Opinion / Letters
An open letter to Chimhama: are you in South Africa?
3 hrs ago | Views

Dear Madam Chimhama,
I hope I find you well, daughter of the African soil!
I am writing this letter because I am deeply concerned about your utterances of violence in your video you made and was played in Point 5 Creatives studies platform: DJ Hooley is the owner of the channel. I have previously admired you and your noble cause for political and economic changes in Zimbabwe. Not until I heard you talking yesterday about how violence could bring change in Zimbabwe, I have indeed changed my mind about you because you are out destroying this revolution by uttering violence could be a driver of change. You are losing it by suggesting that violence "Operation Dudula" must be replicated in Zimbabwe to bring change. Madam, to be polite with you, you have lost it altogether. Your position should never be admired. I am sure I should have used stronger words to show how disgusted I am about such desperate display of violence. "Operation Dudula" you said should be the game in town! Me, I lose hope for my country Zimbabwe!
You are saying the youth must apply "Operation Dudula" on Zvigananda zve Zimbabwe? You must be ashamed of yourself, Sisi. That violence by South African criminals you are cherishing has murdered firstly Zimbabwean citizens living in South Africa. Secondly that violence "Operation Dudula is exclusively meted on Africans from the continent of Africa. Your entry point should have been talking about criminal acts on African populations in South Africa and how horrendous it is to lose life under such circumstances. Even the former President Jacob Zuma condemned violence "Operation Dudula" openly. While he was still president, he said something very poignant about violence in South Africa on exclusively African populations. "We used violence to liberate countries in southern Africa. However, after independence, we forgot to go back to our societies and told them that violence could have been noble those years fighting for independence. We must however, refrain from it because violence breeds violence. It transforms into other forms of violence ravaging the fabric of societies across Africa and post societies to come". Those were Mr. Zuma's noble words verbatim.

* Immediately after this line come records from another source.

(* c_{T,R}(omega), as an extended real (possibly +oo);
   the sup of the empty family is taken to be 0 *)
Definition cTR (Omega : Type) (p : nat) (Theta : set 'rV[R]_p)
  (thstar : 'rV[R]_p) (alpha : R -> 'rV[R]_p) (H : R -> Omega -> 'rV[R]_p -> R)
  (q eta Rr T : R) (w : Omega) : \bar R :=
  ereal_sup ([set 0%E] `|`
    [set r | exists u v, adm_pair Theta thstar alpha eta Rr T u v /\
       r = ((`| H T w (thstar + u *m aT alpha T) - H T w (thstar + v *m aT alpha T) |)
              / (vnorm (u - v)) `^ q)%:E]).

(* G_T^{(00)}: the J0-block of a_T^{-1} tilde a_T, i.e.
   diag( (alpha_T^j)^{-1} (xi_T^j)^{-1/q} )_{j in J0} *)
Definition G00 (Omega : Type) (p : nat) (thstar : 'rV[R]_p)
  (alpha : R -> 'rV[R]_p) (xi : R -> Omega -> 'rV[R]_p) (q T : R) (w : Omega)
  : 'M[R]_#|J0 thstar| :=
  diag_mx (\row_(k < #|J0 thstar|)
     ((alpha T 0 (enum_val k))^-1 * (xi T w 0 (enum_val k)) `^ (- q^-1))).

Definition cT (d : measure_display) (Omega : measurableType d)
  (P : probability Omega R) (p : nat) (Theta : set 'rV[R]_p) (thstar : 'rV[R]_p)
  (alpha : R -> 'rV[R]_p) (xi : R -> Omega -> 'rV[R]_p)
  (H : R -> Omega -> 'rV[R]_p -> R) (q eta m0 Rr T : R) : \bar R :=
  (\int[P]_w (((`| cTR Theta thstar alpha H q eta Rr T w |) `^ m0)
       * ((opnorm (G00 thstar alpha xi q T w)) `^ (q * m0))%:E))%E.

End Defs.

(** On the event {θ̂_T^(0) = 0} the integrand vanishes, and elsewhere it is
    at most K ‖Ψ_T‖^{m*} for a constant K, because θ̂_T lies in the bounded
    set cl Θ. Hence E|Ψ_T θ̂_T^(0)|^{m*} ≤ K ‖Ψ_T‖^{m*} P(θ̂_T^(0) ≠ 0)
    ≤ K D ‖Ψ_T‖^{m*} (‖a_T‖^{mη} + c_T(m_0,R)), which tends to 0 by [A13]. *)

From HB Require Import structures.
From mathcomp Require Import all_boot all_order all_algebra.
From mathcomp Require Import all_classical all_reals all_analysis.
From mathcomp Require Import lra.
Set Implicit Arguments. Unset Strict Implicit. Unset Printing Implicit Defensive.
Import Order.TTheory GRing.Theory Num.Theory.
Import numFieldNormedType.Exports.
Local Open Scope classical_set_scope.
Local Open Scope ring_scope.

Section matrix_norms.
Variable R : realType.

Lemma vnorm_ge0 m n (A : 'M[R]_(m, n)) : 0 <= vnorm A.
Proof. exact: sqrtr_ge0. Qed.

Lemma vnorm0 m n : vnorm (0 : 'M[R]_(m, n)) = 0.
Proof.
by rewrite /vnorm big1 ?sqrtr0 // => i _; rewrite big1 // => j _; rewrite mxE expr0n.
Qed.

Lemma vnormZ m n (c : R) (A : 'M[R]_(m, n)) : vnorm (c *: A) = `|c| * vnorm A.
Proof.
rewrite /vnorm.
under eq_bigr => i _ do under eq_bigr => j _ do rewrite mxE exprMn.
under eq_bigr => i _ do rewrite -mulr_sumr.
by rewrite -mulr_sumr sqrtrM ?sqr_ge0 // sqrtr_sqr.
Qed.

Lemma normr_le_vnorm m n (A : 'M[R]_(m, n)) i j : `|A i j| <= vnorm A.
Proof.
rewrite /vnorm -sqrtr_sqr; apply: ler_wsqrtr.
have row_le : A i j ^+ 2 <= \sum_(j' < n) A i j' ^+ 2.
  by rewrite (bigD1 j) //= lerDl sumr_ge0 // => *; exact: sqr_ge0.
apply: (le_trans row_le).
by rewrite (bigD1 i) //= lerDl sumr_ge0 // => *; apply: sumr_ge0 => *; exact: sqr_ge0.
Qed.
Definition admissible (W : set A) : Prop := fdsub W /\ meets_units W.

Variable R : realType.

Definition conn (V : set A) (lambda : R) (W : set A) : R :=
  (dimk (setmul W V))%:R - lambda * (dimk W)%:R.

Definition kappa (V : set A) (lambda : R) : R :=
  inf [set conn V lambda W | W in admissible].

Definition fragment (V : set A) (lambda : R) (W : set A) : Prop :=
  admissible W /\ conn V lambda W = kappa V lambda.

Definition atom (V : set A) (lambda : R) (W : set A) : Prop :=
  fragment V lambda W /\
  forall W', fragment V lambda W' -> (dimk W <= dimk W')%N.

Definition Hl (V : set A) : set A := [set h | forall v, V v -> V (h * v)].

Definition subalgebra (H : set A) : Prop :=
  [/\ H 0, H 1, (forall x y, H x -> H y -> H (x + y)),
      (forall (a : k) x, H x -> H (a *: x)) &
      (forall x y, H x -> H y -> H (x * y))].

Definition Hs_findim : Prop := exists (n : nat) (v : 'I_n -> A), span (range v) = setT.

Definition banach_norm (absk : k -> R) : Prop :=
  exists N : A -> R,
  [/\ (forall x, 0 <= N x) /\ (forall x, N x = 0 <-> x = 0),
      (forall x y, N (x + y) <= N x + N y),
      (forall (a : k) x, N (a *: x) = absk a * N x),
      (forall x y, N (x * y) <= N x * N y) &
      (forall u : nat -> A,
         (forall e : R, 0 < e -> exists M, forall m n, (M <= m)%N -> (M <= n)%N ->
             N (u m - u n) < e) ->
         exists l : A, forall e : R, 0 < e -> exists M, forall n, (M <= n)%N ->
             N (u n - l) < e)].

Definition absC (z : R[i]) : R := Num.sqrt (complex.Re z ^+ 2 + complex.Im z ^+ 2).

Definition Hs_banach : Prop :=
  (exists f : {rmorphism k -> R}, bijective f /\ banach_norm (fun a => `|f a|))
  \/ (exists f : {rmorphism k -> R[i]}, bijective f /\ banach_norm (fun a => absC (f a))).

Definition Hs_prodfields : Prop :=
  exists (n : nat) (L : 'I_n -> fieldType)
         (iota : forall i, {rmorphism k -> L i})
         (phi : A -> forall i, L i),
  [/\ bijective phi,
      phi 1 = (fun i => 1),
      (forall x y, phi (x + y) = (fun i => phi x i + phi y i)),
      (forall x y, phi (x * y) = (fun i => phi x i * phi y i)) &
      (forall (a : k) x, phi (a *: x) = (fun i => iota i a * phi x i))].

Definition Hs : Prop := [\/ Hs_findim, Hs_banach | Hs_prodfields].

End Defs.

From Pilot Require Import Defs.
From HB Require Import structures.
From mathcomp Require Import all_boot all_order all_algebra.
From mathcomp Require Import boolp classical_sets reals.
From mathcomp Require Import zify lra ring.
Import Order.TTheory GRing.Theory Num.Theory.
Local Open Scope classical_set_scope.
Local Open Scope ring_scope.
Set Implicit Arguments. Unset Strict Implicit. Unset Printing Implicit Defensive.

Think about how Emmanuel Sithole of Mozambique died: because violence is pornographic his brute death was captured on cameras for the world to see. Is that what you are politically propagating to happen in Zimbabwe? You live in South Africa, I think yes, you have firsthand information about the cruelty of violence nurtured by liberation wars; Zimbabwe is absolute casualty of violence they brought us during the liberation struggle. Read Zimbabwean news media channels daily; you will be shocked to realize the forms of violence daily taking place in our societies, some of which are so horrendous even to print the cases. Violence mutes in other forms of violence. How is Zimbabwe going to heal if Chimhama thinks, for any political and economic transformation to take place, even brute violence must be used. Those days are gone, sister! We want change through dialogue and never violence: There is nothing like "good violence": Just when I thought we have learnt a bitter lesson about "good" violence!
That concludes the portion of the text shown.